*THE INPUT*:
(* Let $A$ be a minimally AP-irreducible sign pattern matrix of order $n$ with all diagonal entries equal to $0$. If $A[\alpha,\beta]$ contains no $+$ for any two distinct irreducible components $\alpha$ and $\beta$ of $A_+$, then $A$ has at most $2n-2$ nonzero entries. Consequently, at least two rows of $A$ and at least two columns of $A$ contain precisely one nonzero entry.
   Context: A sign pattern matrix has entries in $\{+,-,0\}$. The digraph $D(M)$ of an $n\times n$ matrix $M$ has vertex set $\{1,\dots,n\}$ and an arc $i\to j$ iff $m_{ij}\neq0$; $M$ is irreducible if $n=1$ or $D(M)$ is strongly connected. For a sign pattern $A$: $A_+$ is obtained by replacing every entry that is not $+$ by $0$; $A_-$ by replacing every entry that is not $-$ by $0$; $B_A=A_+-(A_-)^T$, i.e. $(B_A)_{ij}=+$ if $a_{ij}=+$ or $a_{ji}=-$, and $0$ otherwise. An irreducible sign pattern $A$ is AP-irreducible if every row and every column contains a $+$ and $B_A$ is irreducible; $A$ is minimally AP-irreducible if it is AP-irreducible and does not remain AP-irreducible after replacing any single nonzero entry by $0$. $A[\alpha,\beta]$ is the submatrix with rows in $\alpha$ and columns in $\beta$, $A[\alpha]=A[\alpha,\alpha]$. The irreducible components of a sign pattern $M$ of order $n$ are the pairwise disjoint nonempty sets partitioning $\{1,\dots,n\}$ that are maximal with respect to $M[\alpha]$ being irreducible (the vertex sets of the strongly connected components of $D(M)$). *)

From mathcomp Require Import all_boot all_algebra.
Set Implicit Arguments. Unset Strict Implicit. Unset Printing Implicit Defensive.

Definition sign := option bool.
Definition spos : sign := Some true.
Definition sneg : sign := Some false.
Definition szero : sign := None.

Notation signpat n := ('M[sign]_n).

Definition digraph n (M : signpat n) : rel 'I_n := fun i j => M i j != szero.

Definition irreducible n (M : signpat n) : Prop :=
  n = 1%N \/ forall i j : 'I_n, connect (digraph M) i j.

Definition irreducible_on n (M : signpat n) (alpha : {set 'I_n}) : Prop :=
  #|alpha| = 1%N \/
  forall i j, i \in alpha -> j \in alpha ->
    connect [rel x y | [&& x \in alpha, y \in alpha & digraph M x y]] i j.

Definition irr_component n (M : signpat n) (alpha : {set 'I_n}) : Prop :=
  alpha != set0 /\ irreducible_on M alpha /\
  forall beta : {set 'I_n}, alpha \subset beta -> irreducible_on M beta -> beta = alpha.

Definition pos_part n (A : signpat n) : signpat n :=
  \matrix_(i, j) (if A i j == spos then spos else szero).
Definition neg_part n (A : signpat n) : signpat n :=
  \matrix_(i, j) (if A i j == sneg then sneg else szero).
(* B_A = A_+ - (A_-)^T : (B_A)_ij = + iff a_ij = + or a_ji = -, else 0. *)
Definition BA n (A : signpat n) : signpat n :=
  \matrix_(i, j) (if (pos_part A i j == spos) || (trmx (neg_part A) i j == sneg)
                  then spos else szero).

Definition AP_irreducible n (A : signpat n) : Prop :=
  [/\ irreducible A,
      (forall i : 'I_n, exists j, A i j = spos),
      (forall j : 'I_n, exists i, A i j = spos) &
      irreducible (BA A)].

Definition zero_entry n (A : signpat n) (i j : 'I_n) : signpat n :=
  \matrix_(k, l) (if (k == i) && (l == j) then szero else A k l).

Definition min_AP_irreducible n (A : signpat n) : Prop :=
  AP_irreducible A /\
  forall i j : 'I_n, A i j != szero -> ~ AP_irreducible (zero_entry A i j).

Definition nnz n (A : signpat n) : nat :=
  #|[set ij : 'I_n * 'I_n | A ij.1 ij.2 != szero]|.

Definition row_nnz n (A : signpat n) (i : 'I_n) : nat := #|[set j | A i j != szero]|.
Definition col_nnz n (A : signpat n) (j : 'I_n) : nat := #|[set i | A i j != szero]|.

From mathcomp Require Import all_boot all_algebra zify.
Set Implicit Arguments. Unset Strict Implicit. Unset Printing Implicit Defensive.

(* The hypothesis on A_+ forces every + entry to lie inside a strong component
   of D(A_+), so these k components are the classes of a symmetric
   connectivity relation. An out- and an in-branching of every component
   from a root use 2(n - k) positive entries and make each component
   strongly connected; an out- and an in-branching of the quotient digraph,
   whose arcs all come from - entries, use 2(k - 1) more. Keeping only these
   2n - 2 entries gives a pattern B for which D(B) and the digraph of its B_B
   are both strongly connected (the - arcs of the latter are those of D(B)
   reversed), so B is AP-irreducible and minimality forces every nonzero
   entry of A into B. *)

Lemma connect_sub_rev (T : finType) (e e' : rel T) x y :
  (forall a b, e a b -> connect e' b a) -> connect e x y -> connect e' y x.
Proof.
move=> sub_e e_xy; have := connect_rev e' x y; rewrite /= => <-.
by apply: connect_sub e_xy => a b /sub_e; rewrite connect_rev.
Qed.

Lemma connect_exit (T : finType) (e : rel T) (U : {set T}) x y :
  x \in U -> y \notin U -> connect e x y ->
  exists a b, [/\ a \in U, b \notin U & e a b].
Proof.
move=> xU yU /connectP[p]; elim: p x xU => [|z p IHp] x xU /=.
  by move=> _ yx; rewrite yx xU in yU.
case/andP=> exz pz yz; case: (boolP (z \in U)) => [zU | zU]; first exact: IHp zU pz yz.
by exists x, z.
Qed.

Definition quot_rel (T C : finType) (c : T -> C) (e : rel T) : rel T :=
  fun x y => (c x == c y) || e x y.

Definition arcs (T : finType) (S : {set T * T}) : rel T := fun x y => (x, y) \in S.

Section QuotientForest.
Variables (T C : finType) (c : T -> C) (e : rel T) (U0 : {set T}).

Definition saturated (U : {set T}) := forall x y, x \in U -> c x = c y -> y \in U.

Hypothesis U0_saturated : saturated U0.

(* [S] is an out-branching of the quotient of [e] by [c], spanning the classes
   of [U] and rooted at the classes of [U0]. *)
Definition forest_on (U : {set T}) (S : {set T * T}) :=
  [/\ U0 \subset U, forall p, p \in S -> e p.1 p.2 && (p.2 \in U),
      #|S| + #|c @: U0| = #|c @: U|, saturated U &
      forall y, y \in U -> exists2 x, x \in U0 & connect (quot_rel c (arcs S)) x y].

Lemma forest_on0 : forest_on U0 set0.
Proof.
split=> //; first by move=> p; rewrite inE.
- by rewrite cards0.
- by move=> y yU0; exists y.
Qed.

Hypothesis U0_reaches : forall y, exists2 x, x \in U0 & connect (quot_rel c e) x y.

Lemma forest_on_grow U S y : forest_on U S -> y \notin U ->
  exists U', exists S', forest_on U' S' /\ #|U| < #|U'|.
Proof.
case=> U0U S_arcs S_card U_sat U_reached yU.
have [a [b [aU bU eab]]] : exists a b, [/\ a \in U, b \notin U & e a b].
  have [x0 x0U0 x0y] := U0_reaches y.
  have [a [b [aU bU /orP[/eqP cab | eab]]]] := connect_exit (subsetP U0U _ x0U0) yU x0y.
    by rewrite (U_sat a b aU cab) in bU.
  by exists a, b.
pose U' := U :|: [set z | c z == c b]; pose S' := (a, b) |: S.
have bU' : b \in U' by rewrite !inE eqxx orbT.
have sub_S' : subrel (connect (quot_rel c (arcs S))) (connect (quot_rel c (arcs S'))).
  apply: connect_sub => u v /orP[cuv | uv]; apply: connect1.
    by rewrite /quot_rel cuv.
  by apply/orP; right; rewrite /arcs !inE; apply/orP; right.
exists U', S'; split; last first.
  apply: proper_card; apply/properP; split; last by exists b.
  by apply/subsetP => z zU; rewrite inE zU.
split.
- by apply: subset_trans U0U _; apply/subsetP => z zU; rewrite inE zU.
- move=> p; rewrite !inE => /orP[/eqP -> | pS] /=; first by rewrite eab eqxx orbT.
  by case/andP: (S_arcs p pS) => -> pU; rewrite pU.
- have cbU : c b \notin c @: U.
    by apply/imsetP => [[z zU cbz]]; rewrite (U_sat z b zU (esym cbz)) in bU.
  have abS : (a, b) \notin S by apply/negP => /S_arcs /andP[_ /= bU1]; rewrite bU1 in bU.
  have -> : c @: U' = c b |: c @: U.
    apply/setP => w; rewrite imsetU !inE orbC; congr (_ || _).
    apply/imsetP/eqP => [[z] | ->]; first by rewrite inE => /eqP <- ->.
    by exists b; rewrite ?inE.
  by rewrite !cardsU1 cbU abS addSn S_card.
- move=> z w; rewrite !inE => /orP[zU | /eqP czb] czw; first by rewrite (U_sat z w zU czw).
  by rewrite -czw czb eqxx orbT.
- move=> w; rewrite !inE => /orP[wU | /eqP cwb].
    by have [x0 x0U0 x0w] := U_reached w wU; exists x0 => //; apply: sub_S'.
  have [x0 x0U0 x0a] := U_reached a aU; exists x0 => //.
  apply: connect_trans (sub_S' _ _ x0a) _; apply: (@connect_trans _ _ b).
    by apply: connect1; rewrite /quot_rel /arcs !inE eqxx orbT.
  by apply: connect1; rewrite /quot_rel cwb eqxx.
Qed.

Lemma exists_quotient_forest : exists S : {set T * T},
  [/\ subrel (arcs S) e, #|S| + #|c @: U0| = #|c @: [set: T]| &
      forall y, exists2 x, x \in U0 & connect (quot_rel c (arcs S)) x y].
Proof.
suff [S [_ S_arcs S_card _ S_reached]] : exists S, forest_on [set: T] S.
  exists S; split=> [a b /S_arcs /andP[] | | y] //; exact: S_reached.
suff grow : forall k U S, forest_on U S -> #|T| - #|U| < k ->
    exists S, forest_on [set: T] S.
  exact: grow _ _ _ forest_on0 (ltnSn _).
elim=> [// | k IHk] U S US ltk.
case: (pickP [pred y | y \notin U]) => [y yU | U_full].
  have [U' [S' [U'S' ltUU']]] := forest_on_grow US yU.
  by apply: IHk U'S' _; have := max_card U'; lia.
suff -> : [set: T] = U by exists S.
by apply/setP => z; rewrite inE; apply/esym/negbFE/U_full.
Qed.

End QuotientForest.

Lemma exists_quotient_skeleton (T C : finType) (c : T -> C) (e : rel T) (U0 : {set T}) :
  saturated c U0 ->
  (forall y, exists2 x, x \in U0 & connect (quot_rel c e) x y) ->
  (forall y, exists2 x, x \in U0 & connect (quot_rel c e) y x) ->
  exists S : {set T * T},
    [/\ subrel (arcs S) e,
        #|S| + 2 * #|c @: U0| <= 2 * #|c @: [set: T]|,
        forall y, exists2 x, x \in U0 & connect (quot_rel c (arcs S)) x y &
        forall y, exists2 x, x \in U0 & connect (quot_rel c (arcs S)) y x].
Proof.
move=> U0_sat U0_reaches reaches_U0.
have [Sout [out_arcs out_card out_reached]] := exists_quotient_forest U0_sat U0_reaches.
have U0_reaches_rev y : exists2 x, x \in U0 & connect (quot_rel c [rel a b | e b a]) x y.
  have [x xU0 yx] := reaches_U0 y; exists x => //.
  apply: connect_sub_rev yx => a b /orP[cab | eab]; apply: connect1.
    by rewrite /quot_rel eq_sym cab.
  by rewrite /quot_rel /= eab orbT.
have [Sin [in_arcs in_card in_reached]] := exists_quotient_forest U0_sat U0_reaches_rev.
pose S := Sout :|: swap_pair @: Sin.
have S_quot : forall a b, quot_rel c (arcs Sout) a b -> quot_rel c (arcs S) a b.
  by move=> a b; rewrite /quot_rel /arcs inE => /orP[-> // | ->]; rewrite orbT.
exists S; split.
- move=> a b; rewrite /arcs inE => /orP[/out_arcs // | /imsetP[[u v] /in_arcs vu [-> ->]]] //.
- have S_card : #|S| <= #|Sout| + #|Sin|.
    by rewrite cardsU (card_imset _ (can_inj swap_pairK)) leq_subr.
  apply: leq_trans (leq_add S_card (leqnn _)) _.
  by rewrite !mul2n -!addnn addnACA out_card in_card.
- move=> y; have [x xU0 xy] := out_reached y; exists x => //.
  by apply: connect_sub xy => a b /S_quot; apply: connect1.
- move=> y; have [x xU0 xy] := in_reached y; exists x => //.
  apply: connect_sub_rev xy => a b /orP[cab | ab]; apply: connect1.
    by rewrite /quot_rel eq_sym cab.
  by apply/orP; right; rewrite /arcs inE; apply/orP; right; apply/imsetP; exists (a, b).
Qed.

*THE TASK*: Up to and including the final line of the data above, please copy every line exactly, starting from the one that contains "apply: connect_sub_rev yx".

*EXERCISE RESULT*:
  apply: connect_sub_rev yx => a b /orP[cab | eab]; apply: connect1.
    by rewrite /quot_rel eq_sym cab.
  by rewrite /quot_rel /= eab orbT.
have [Sin [in_arcs in_card in_reached]] := exists_quotient_forest U0_sat U0_reaches_rev.
pose S := Sout :|: swap_pair @: Sin.
have S_quot : forall a b, quot_rel c (arcs Sout) a b -> quot_rel c (arcs S) a b.
  by move=> a b; rewrite /quot_rel /arcs inE => /orP[-> // | ->]; rewrite orbT.
exists S; split.
- move=> a b; rewrite /arcs inE => /orP[/out_arcs // | /imsetP[[u v] /in_arcs vu [-> ->]]] //.
- have S_card : #|S| <= #|Sout| + #|Sin|.
    by rewrite cardsU (card_imset _ (can_inj swap_pairK)) leq_subr.
  apply: leq_trans (leq_add S_card (leqnn _)) _.
  by rewrite !mul2n -!addnn addnACA out_card in_card.
- move=> y; have [x xU0 xy] := out_reached y; exists x => //.
  by apply: connect_sub xy => a b /S_quot; apply: connect1.
- move=> y; have [x xU0 xy] := in_reached y; exists x => //.
  apply: connect_sub_rev xy => a b /orP[cab | ab]; apply: connect1.
    by rewrite /quot_rel eq_sym cab.
  by apply/orP; right; rewrite /arcs inE; apply/orP; right; apply/imsetP; exists (a, b).
Qed.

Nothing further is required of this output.